Молодой человек смотрел на плывущие медленно чаны, они действительно напоминали формой коров, медленно движущихся одна за одной к некоему условному водопою. Подошел инженер-техник (человек, который сделал его узел уже загодя, по переданным сюда чертежам и схемам). Он представился, пожал руку – энергичный человек. Через АТм-241, который молодой командированный так долго вынашивал в замысле, а инженер-техник так долго лепил в своих руках, они оба были как породненные. Как приятели уже многолетней выдержки. Они с интересом посмотрели друг на друга, словно бы и впрямь ощущая некоторое отдаленное родство не по крови.
– Ворчит наш старенький, а? – Инженер-техник подмигнул командированному, очевидно имея в виду Батяню. И тут же сам смягчил: – Не обращайте внимания. Он человек добрый, он добрейший, в сущности, наш Батяня!

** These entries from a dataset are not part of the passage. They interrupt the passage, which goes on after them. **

(* Let $(\mathcal{A},\mathcal{E})$ be an exact category and let $X\xrightarrow{f}Y\xrightarrow{g}Z$ be a short exact sequence in $\mathcal{E}$ whose three objects are $\mathcal{E}$-finite. Then $l_\mathcal{E}(Y)\ge l_\mathcal{E}(X)+l_\mathcal{E}(Z)$.
   Context: $(\mathcal{A},\mathcal{E})$ is a Quillen exact category; admissible monics are morphisms $i$ with $(i,d)\in\mathcal{E}$ for some $d$. The $\mathcal{E}$-length $l_\mathcal{E}(X)\in\mathbb{N}\cup\{\infty\}$ is the supremum of all $n$ such that there is a chain $0=X_0\to X_1\to\cdots\to X_n=X$ of admissible monics none of which is an isomorphism; $X$ is $\mathcal{E}$-finite if $l_\mathcal{E}(X)<\infty$. *)

From HB Require Import structures.
From mathcomp Require Import all_boot all_order ssralg.
From Stdlib Require Import ClassicalEpsilon.

Set Implicit Arguments.
Unset Strict Implicit.
Unset Printing Implicit Defensive.
Import GRing.Theory.
Local Open Scope ring_scope.

Record PreaddCat := {
  Obj :> Type;
  Mor : Obj -> Obj -> zmodType;
  idm : forall X, Mor X X;
  comp : forall X Y Z, Mor Y Z -> Mor X Y -> Mor X Z;
  compA : forall X Y Z W (h : Mor Z W) (g : Mor Y Z) (f : Mor X Y),
      comp h (comp g f) = comp (comp h g) f;
  comp1m : forall X Y (f : Mor X Y), comp (idm Y) f = f;
  compm1 : forall X Y (f : Mor X Y), comp f (idm X) = f;
  compDl : forall X Y Z (g1 g2 : Mor Y Z) (f : Mor X Y),
      comp (g1 + g2) f = comp g1 f + comp g2 f;
  compDr : forall X Y Z (g : Mor Y Z) (f1 f2 : Mor X Y),
      comp g (f1 + f2) = comp g f1 + comp g f2
}.

Arguments Mor {C} X Y : rename.
Arguments idm {C} X : rename.
Arguments comp {C X Y Z} g f : rename.

Section Defs.
Variable C : PreaddCat.

Definition is_zero_obj (Z : C) : Prop := idm Z = 0.

Definition is_iso (X Y : C) (f : Mor X Y) : Prop :=
  exists g : Mor Y X, comp g f = idm X /\ comp f g = idm Y.

Definition additive : Prop :=
  (exists Z : C, is_zero_obj Z) /\
  forall X Y : C, exists (P : C) (i1 : Mor X P) (p1 : Mor P X)
                         (i2 : Mor Y P) (p2 : Mor P Y),
    [/\ comp p1 i1 = idm X, comp p2 i2 = idm Y, comp p1 i2 = 0,
        comp p2 i1 = 0 & comp i1 p1 + comp i2 p2 = idm P].

Definition is_kernel (X Y Z : C) (i : Mor X Y) (d : Mor Y Z) : Prop :=
  comp d i = 0 /\
  forall W (h : Mor W Y), comp d h = 0 -> exists! u : Mor W X, comp i u = h.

Он хотел потрепать старого инженера дружески по плечу, но тот отвел руку:
– Вот еще!.. У нас работа, а не юбилей. – Условившись о часе встречи, инженер-техник ушел.
* * *
Конвейер медленно накатывал чаны-коровки. Возле чанов, одетые в белое, трудились женщины, нажимали на кнопки, выстреливая из ампул строгое число граммов вкусовых эссенций. Женщины были молоды, белая одежда подчеркивала формы – и тут же вновь волна запахов, вновь дурнота и сквозь дурноту встрепенувшееся мужское естество. Инстинкт, – сказал себе командированный молодой человек, отмечая, что, как ни отвратителен запах, он дает мужчине почувствовать себя сильным, даже могучим. Неотрывно смотрел он теперь на женское тело в белой одежде. Выбрал одну и смотрел, угадывая формы.

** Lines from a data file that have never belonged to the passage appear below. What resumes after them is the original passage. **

Lemma frob2_ge_flow_mass :
  K%:R * mPQ R p q <= 1 / 2 ->
  2 * flow_mass R p q - frob2 (resc_eqmx R p - resc_eqmx R q)
  <= 4 * (K%:R * mPQ R p q) * flow_mass R p q.
Proof.
move=> Km_small; rewrite flow_mass_defect flow_mass_moved.
have -> : 4 * (K%:R * mPQ R p q) * moved_mass N a b
        = 2 * (2 * (K%:R * mPQ R p q) * moved_mass N a b) by ring.
apply: ler_wpM2l => //; rewrite mulr_sumr; apply: ler_sum => k _.
apply: defect_le => //; first exact: mPQ_ge0.
by move=> k' l; apply: flow_le_mPQ.
Qed.

End PartitionPair.

Definition rel_err {R : realFieldType} (F S : R) : R :=
  if S == 0 then 0 else F / (2 * S) - 1.

Lemma rel_errE {R : realFieldType} {F S : R} :
  0 <= F -> 0 <= 2 * S - F -> F = 2 * S * (1 + rel_err F S).
Proof.
rewrite /rel_err; case: eqP => [-> | /eqP S_neq0] F_ge0 F_le.
  by rewrite mulr0 mul0r; lra.
by field.
Qed.

(* 0 <= 2S - F <= 4 c S pins delta in [-2c, 0]. *)
Lemma rel_err_le {R : realFieldType} {F S c : R} :
  0 <= c -> 0 <= F -> 0 <= 2 * S - F -> 2 * S - F <= 4 * c * S ->
  `|rel_err F S| <= 2 * c.
Proof.
rewrite /rel_err; case: eqP => [_ | /eqP S_neq0] c_ge0 F_ge0 F_le F_ge.
  by rewrite normr0 mulr_ge0.
have twoS_gt0 : 0 < 2 * S by rewrite mulr_gt0 // lt_def S_neq0; lra.
set x := F / (2 * S).
have F_eq : F = 2 * S * x by rewrite /x mulrC divfK ?gt_eqF.
have x_le1 : 0 <= 1 - x.
  by rewrite -(pmulr_rge0 _ twoS_gt0) mulrBr mulr1 -F_eq.
have x_ge : 1 - x <= 2 * c.
  by rewrite -(ler_pM2l twoS_gt0) mulrBr mulr1 -F_eq; lra.
by rewrite ler_norml; apply/andP; split; lra.
Qed.

Theorem theoremA (R : realFieldType) :
  exists delta : forall T K : nat, ('I_T -> 'I_K) -> ('I_T -> 'I_K) -> R,
    (forall (T K : nat) (p q : 'I_T -> 'I_K),
        (0 < T)%N -> (0 < K)%N -> nonempty_clusters p -> nonempty_clusters q ->
        frob2 (resc_eqmx R p - resc_eqmx R q)
        = 2 * (\sum_(k < K) ((outflow p q k + inflow p q k)%:R
                              / #|cluster p k|%:R))
            * (1 + delta T K p q))
    /\
    (forall e : R, 0 < e ->
       exists eps : R, 0 < eps /\
         forall (T K : nat) (p q : 'I_T -> 'I_K),
           (0 < T)%N -> (0 < K)%N -> nonempty_clusters p -> nonempty_clusters q ->
           K%:R * mPQ R p q <= eps -> `|delta T K p q| <= e).
Proof.
exists (fun T K p q =>
  rel_err (frob2 (resc_eqmx R p - resc_eqmx R q)) (flow_mass R p q)).
split=> [T K p q _ _ nep neq | e e_gt0].
  exact: rel_errE (frob2_ge0 _) (frob2_le_flow_mass nep neq).
exists (Num.min (1 / 2) (e / 2)); split=> [|T K p q _ _ nep neq].
  by rewrite lt_min; apply/andP; split; lra.
rewrite le_min => /andP[Km_le_half Km_le_e].
have Km_ge0 : 0 <= K%:R * mPQ R p q by rewrite mulr_ge0 ?mPQ_ge0.
have := rel_err_le Km_ge0 (frob2_ge0 _) (frob2_le_flow_mass nep neq)
  (frob2_ge_flow_mass nep neq Km_le_half).
lra.
Qed.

– Да что ж закрышки чанов так плохо прикрыли? – возмутился Батяня. Он снова потряс фляжкой. – Не надо? Глоток-два?.. Ну и слава богу, что не хотите. Запахи по-разному действуют, непривычный человек может и в истерику впасть. Один командированный как раз на вашем месте стоял – начал эту решетку – видите ее? – рвать руками, раскачивал, чтобы унять нервы. Видите? Металл погнул, а такой, казалось, хиляк-интеллигентик…
Батяня заспешил – скорее отсюда! (Он глотнул из своей фляжки.)

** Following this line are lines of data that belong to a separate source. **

(* Let $0\le\theta_1\le\theta_2\le\theta_3\le\theta_4<2\pi$ with $\theta_4-\theta_3\neq\theta_2-\theta_1$, and on $(\mathbb C^2)^{\otimes3}$ define $|\Phi_1\rangle=|000\rangle+e^{i\theta_1}|111\rangle$, $|\Phi_2\rangle=|001\rangle+e^{i\theta_2}|110\rangle$, $|\Phi_3\rangle=|010\rangle+e^{i\theta_3}|101\rangle$, $|\Phi_4\rangle=|011\rangle+e^{i\theta_4}|100\rangle$, and $|\Psi_k\rangle$ the same vectors with the plus signs replaced by minus signs ($k=1,\dots,4$). Then: (i) the orthogonal complement of $\mathrm{span}\{|\Phi_k\rangle\}$ equals $\mathrm{span}\{|\Psi_k\rangle\}$, and neither $\mathrm{span}\{|\Phi_k\rangle\}$ nor $\mathrm{span}\{|\Psi_k\rangle\}$ contains a nonzero fully product vector $|a\rangle|b\rangle|c\rangle$ (so both $\{|\Phi_k\rangle\}$ and $\{|\Psi_k\rangle\}$ are unextendible bases); (ii) the set $\{|\Phi_1\rangle,\dots,|\Phi_4\rangle\}$ (normalized) is perfectly distinguishable by LOCC among the three parties.
   Context: A set $T$ of linearly independent pure states is an unextendible basis if the orthogonal complement of $\mathrm{span}(T)$ contains no nonzero fully product vector. ''Perfectly distinguishable by LOCC'': a finite-round protocol of local measurements with broadcast outcomes identifies the given state with probability 1. *)

From Stdlib Require Import Reals List.
Import ListNotations.
Open Scope R_scope.

Definition C : Type := (R * R)%type.
Definition C0 : C := (0, 0).
Definition C1 : C := (1, 0).
Definition RtoC (r : R) : C := (r, 0).
Definition Cadd (z w : C) : C := (fst z + fst w, snd z + snd w).
Definition Copp (z : C) : C := (- fst z, - snd z).
Definition Cmul (z w : C) : C :=
  (fst z * fst w - snd z * snd w, fst z * snd w + snd z * fst w).
Definition Cconj (z : C) : C := (fst z, - snd z).
Definition Cexpi (t : R) : C := (cos t, sin t).
Definition Cnorm2 (z : C) : R := fst z * fst z + snd z * snd z.

Definition sumb (f : bool -> C) : C := Cadd (f false) (f true).
Fixpoint Csum (n : nat) (f : nat -> C) : C :=
  match n with O => C0 | S m => Cadd (Csum m f) (f m) end.

(** * Three-qubit vectors: (C^2)^{⊗3}, indexed by (x,y,z) with false=0, true=1 *)
Definition vec : Type := bool -> bool -> bool -> C.
Definition vec_eq (u v : vec) : Prop := forall x y z, u x y z = v x y z.
Definition vzero : vec := fun _ _ _ => C0.
Definition vadd (u v : vec) : vec := fun x y z => Cadd (u x y z) (v x y z).
Definition vscale (c : C) (v : vec) : vec := fun x y z => Cmul c (v x y z).
Definition inner (u v : vec) : C :=
  sumb (fun x => sumb (fun y => sumb (fun z => Cmul (Cconj (u x y z)) (v x y z)))).
Definition vnorm2 (v : vec) : R :=
  Rplus (Rplus (Rplus (Cnorm2 (v false false false)) (Cnorm2 (v false false true)))
               (Rplus (Cnorm2 (v false true false)) (Cnorm2 (v false true true))))
        (Rplus (Rplus (Cnorm2 (v true false false)) (Cnorm2 (v true false true)))
               (Rplus (Cnorm2 (v true true false)) (Cnorm2 (v true true true)))).
Definition normalize (v : vec) : vec := vscale (RtoC (/ sqrt (vnorm2 v))) v.

Definition ket (a b c : bool) : vec :=
  fun x y z => if andb (andb (Bool.eqb x a) (Bool.eqb y b)) (Bool.eqb z c) then C1 else C0.

Definition pairvec (a b c : bool) (s : R) (t : R) : vec :=
  vadd (ket a b c) (vscale (Cmul (RtoC s) (Cexpi t)) (ket (negb a) (negb b) (negb c))).

(** Phi_{k+1} for k = 0,1,2,3 (paper's indices 1..4). *)
Definition PhiS (t1 t2 t3 t4 : R) (k : nat) : vec :=
  match k with
  | 0%nat => pairvec false false false 1 t1
  | 1%nat => pairvec false false true 1 t2
  | 2%nat => pairvec false true false 1 t3
  | _ => pairvec false true true 1 t4
  end.
Definition PsiS (t1 t2 t3 t4 : R) (k : nat) : vec :=
  match k with
  | 0%nat => pairvec false false false (-1) t1
  | 1%nat => pairvec false false true (-1) t2
  | 2%nat => pairvec false true false (-1) t3
  | _ => pairvec false true true (-1) t4
  end.

Definition lincomb (f : nat -> vec) (n : nat) (c : nat -> C) : vec :=
  fun x y z => Csum n (fun k => Cmul (c k) (f k x y z)).
Definition in_span (f : nat -> vec) (n : nat) (v : vec) : Prop :=
  exists c : nat -> C, vec_eq v (lincomb f n c).
Definition orth_compl (f : nat -> vec) (n : nat) (v : vec) : Prop :=
  forall w, in_span f n w -> inner w v = C0.
Definition lin_indep (f : nat -> vec) (n : nat) : Prop :=
  forall c : nat -> C, vec_eq (lincomb f n c) vzero -> forall k, (k < n)%nat -> c k = C0.
Definition is_product (v : vec) : Prop :=
  exists a b c : bool -> C, vec_eq v (fun x y z => Cmul (Cmul (a x) (b y)) (c z)).
Definition unextendible_basis (f : nat -> vec) (n : nat) : Prop :=
  lin_indep f n /\
  forall v, orth_compl f n v -> is_product v -> vec_eq v vzero.

Inductive party := PA | PB | PC.
(** a local operator on C^2, K i j = <i|K|j> *)
Definition M2 : Type := bool -> bool -> C.

Definition apply_local (p : party) (K : M2) (v : vec) : vec :=
  match p with
  | PA => fun x y z => sumb (fun x' => Cmul (K x x') (v x' y z))
  | PB => fun x y z => sumb (fun y' => Cmul (K y y') (v x y' z))
  | PC => fun x y z => sumb (fun z' => Cmul (K z z') (v x y z'))
  end.

(** A protocol tree: at a node, party [who] measures with Kraus operators
    (one per outcome); the outcome is broadcast and determines the subtree.
    At a leaf, the parties announce a guess (an index). *)
Inductive protocol :=
| Leaf (guess : nat)
| Node (who : party) (branches : list (M2 * protocol)).

Definition complete (Ks : list M2) : Prop :=
  forall i j : bool,
    fold_right Cadd C0 (map (fun K => sumb (fun l => Cmul (Cconj (K l i)) (K l j))) Ks)
    = if Bool.eqb i j then C1 else C0.

Fixpoint valid (p : protocol) : Prop :=
  match p with
  | Leaf _ => True
  | Node _ bs =>
      complete (map fst bs) /\
      (fix vl (bs : list (M2 * protocol)) : Prop :=
         match bs with
         | [] => True
         | (_, q) :: r => valid q /\ vl r
         end) bs
  end.

(** probability (Born rule, unnormalized input allowed) that the protocol
    run on state [v] ends at a leaf guessing [k] *)
Fixpoint succ_prob (p : protocol) (v : vec) (k : nat) : R :=
  match p with
  | Leaf g => if Nat.eqb g k then vnorm2 v else 0
  | Node w bs =>
      (fix s (bs : list (M2 * protocol)) : R :=
         match bs with
         | [] => 0
         | (K, q) :: r => succ_prob q (apply_local w K v) k + s r
         end) bs
  end.

Definition perfectly_distinguishable_LOCC (f : nat -> vec) (n : nat) : Prop :=
  exists p : protocol, valid p /\
    forall k, (k < n)%nat -> succ_prob p (normalize (f k)) k = 1.

(** Each state of the theorem has the form |abc> + f |a'b'c'>, a computational
  basis ket plus a multiple of its bitwise complement.  We study the family
  [pair_family f] of four such states built on |000>, |001>, |010>, |011>
  for an arbitrary coefficient function [f], and prove:
  - its span is cut out by four linear relations v(a'b'c') = f_k v(abc);
  - for unimodular coefficients its orthogonal complement is the span of the
    family with coefficients -f_k;
  - if all f_k are nonzero and f_0 f_3 <> f_1 f_2, the span contains no
    nonzero product vector: the Segre relations of a product vector force
    (f_0 f_3 - f_1 f_2)(v000 v011)^2 = 0 and then v = 0;
  - for any [f], measuring every qubit in the computational basis and
    announcing the parity pattern (x xor y, x xor z) identifies the state.
  The theorem follows with f_k = ±e^{iθ_k}: the angle constraints give
  e^{i(θ_1+θ_4)} <> e^{i(θ_2+θ_3)}, i.e. the non-degeneracy condition. *)
From Stdlib Require Import Reals Lra Lia Psatz List.
Import ListNotations.
Open Scope R_scope.

(** Subtraction, required by the [ring_theory] interface. *)
Definition Csub (a b : C) : C := Cadd a (Copp b).

Lemma Ceq_intro (a b : C) : fst a = fst b -> snd a = snd b -> a = b.
Proof. destruct a, b; simpl; intros; subst; reflexivity. Qed.

Lemma C_ring_theory : ring_theory C0 C1 Cadd Cmul Csub Copp (@eq C).
Proof.
  constructor; intros; apply Ceq_intro;
    unfold Cadd, Cmul, Csub, Copp, C0, C1; simpl; ring.
Qed.
Add Ring C_ring : C_ring_theory.

Lemma Cconj_mul (a b : C) : Cconj (Cmul a b) = Cmul (Cconj a) (Cconj b).
Proof. apply Ceq_intro; unfold Cconj, Cmul; simpl; ring. Qed.

Lemma Cnorm2_mul (a b : C) : Cnorm2 (Cmul a b) = Cnorm2 a * Cnorm2 b.
Proof. unfold Cnorm2, Cmul; simpl; ring. Qed.

Lemma Cnorm2_nonneg (a : C) : 0 <= Cnorm2 a.
Proof. unfold Cnorm2; nra. Qed.

Lemma Cnorm2_eq0 (a : C) : Cnorm2 a = 0 -> a = C0.
Proof.
  destruct a as [x y]; unfold Cnorm2; simpl; intros H.
  assert (x = 0) by nra; assert (y = 0) by nra; subst; reflexivity.
Qed.

(** [C] has no zero divisors (via multiplicativity of the squared modulus). *)
Lemma Cmul_integral (a b : C) : Cmul a b = C0 -> a = C0 \/ b = C0.
Proof.
  intros H.
  assert (Hn : Cnorm2 a * Cnorm2 b = 0).
  { rewrite <- Cnorm2_mul, H; unfold Cnorm2, C0; simpl; ring. }
  apply Rmult_integral in Hn as [Ha | Hb]; [left | right]; apply Cnorm2_eq0; assumption.
Qed.

Lemma Csqr_eq0 (a : C) : Cmul a a = C0 -> a = C0.
Proof. intros H; destruct (Cmul_integral _ _ H); assumption. Qed.

Definition unimodular (z : C) : Prop := Cmul (Cconj z) z = C1.

Lemma unimodular_neq0 (z : C) : unimodular z -> z <> C0.
Proof.
  intros Hz E; subst; revert Hz; unfold unimodular, Cmul, Cconj, C0, C1; simpl.
  intros H; inversion H; lra.
Qed.

Lemma unimodular_solve (h a b : C) :
  unimodular h -> Cadd a (Cmul (Cconj h) b) = C0 -> b = Cmul (Copp h) a.
Proof.
  intros Hh Hab.
  transitivity (Cmul (Cmul (Cconj h) h) b); [rewrite Hh; ring |].
  transitivity (Cmul (Copp h) (Csub a (Cadd a (Cmul (Cconj h) b)))); [ring |].
  rewrite Hab; ring.
Qed.

Definition phase (s t : R) : C := Cmul (RtoC s) (Cexpi t).

Lemma Cexpi_add (a b : R) : Cmul (Cexpi a) (Cexpi b) = Cexpi (a + b).
Proof. apply Ceq_intro; unfold Cmul, Cexpi; simpl; rewrite ?cos_plus, ?sin_plus; ring. Qed.

Lemma phase_one (t : R) : phase 1 t = Cexpi t.
Proof. apply Ceq_intro; unfold phase, RtoC, Cmul; simpl; ring. Qed.

Lemma phase_neg (t : R) : phase (-1) t = Copp (phase 1 t).
Proof. apply Ceq_intro; unfold phase, RtoC, Cmul, Copp; simpl; ring. Qed.

Lemma phase_unimodular (s t : R) : s * s = 1 -> unimodular (phase s t).
Proof.
  intros Hs; pose proof (sin2_cos2 t) as Ht; unfold Rsqr in Ht.
  apply Ceq_intro; unfold unimodular, phase, RtoC, Cexpi, Cmul, Cconj, C1; simpl; nra.
Qed.

Lemma Cexpi_eq1_small (d : R) : -(2 * PI) < d < 2 * PI -> Cexpi d = C1 -> d = 0.
Proof.
  intros Hd E.
  assert (Hcos : cos d = 1) by (change (fst (Cexpi d) = fst C1); rewrite E; reflexivity).
  assert (Hpos : forall x, 0 < x < 2 * PI -> cos x <> 1).
  { intros x Hx Hcx; replace x with (2 * (x / 2)) in Hcx by field.
    rewrite cos_2a_sin in Hcx; assert (0 < sin (x / 2)) by (apply sin_gt_0; lra); nra. }
  destruct (Rtotal_order d 0) as [Hneg | [Hz | Hp]]; [| assumption |].
  - exfalso; apply (Hpos (- d)); [lra | rewrite cos_neg; assumption].
  - exfalso; apply (Hpos d); [lra | assumption].
Qed.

В цех они вошли в обратном направлении к движению конвейера.
– …Я видел, как вы глядели на женщину, – вот вам и пример. Деторождение как долго держалось в тайне, как тщательно хранилось. И ведь не только в церквях всех мастей, в миру деторождение тоже куталось в любовь, в чувство. А почему?.. А потому, что никто никогда деторождение не совершенствовал. А как только пошли аборты, таблетки, гормоны, как только пошли по мужским карманам припасенные на вечерок гондоны, извините, я хотел сказать – презервативы, ну, старый человек, простите, простите, – и это было еще задолго до того, как мы успели победить СПИД, а ведь СПИД победили только в прошлом веке! – и пошло-поехало, какая там тайна! Уже сопляки-подростки – вчера слышал своими старыми ушами – толковали о том, что женщина, в первой своей встрече с каждым мужчиной, обязана в постели постанывать, чтобы, не дай бог, не лишить мужчину уверенности и силы…
– Простите. Вы о тайне?.. Или о женщинах? – перебил молодой командированный с иронией.
– О тайне, о тайне! о чем же мы еще говорим! Я всегда доказывал, никаких внедрений, никаких АТм двести сорок хреновых номеров… Сейчас, к сожалению, я только брюзжу, а раньше я умел убедить. Еще пять лет назад я убедил одного молодого ничего не внедрять. Его, как и вас, прислали, а я таки сумел убедить его, и он отказался внедрять, уехал…
– Со мной не пройдет.
– Да уж вижу, вижу. Но его я убедил. И он так и написал в докладной: не желаю работать с вами… К сожалению, других направлений работы на этом свете нет. Пока не придуманы. Так и уехал ни с чем, бедный.
Этакий простяга, ворчащий Вергилий, Батяня вводил в дело:
– И здесь часы. Видите? Здесь тоже будем проходить, когда в конвейер подключится ваш АТм-241. Я немногословен, когда узел обкатывается. У меня два слова: отлично и второе мое слово – молчание. Сами понимаете, что оно означает. Оно означает – хреново. А отлично – это если график будет выдерживаться с потерей всего сорока секунд, как вы нам и обещали. Знаю, знаю про двадцать шесть секунд! Но кто же в них поверит?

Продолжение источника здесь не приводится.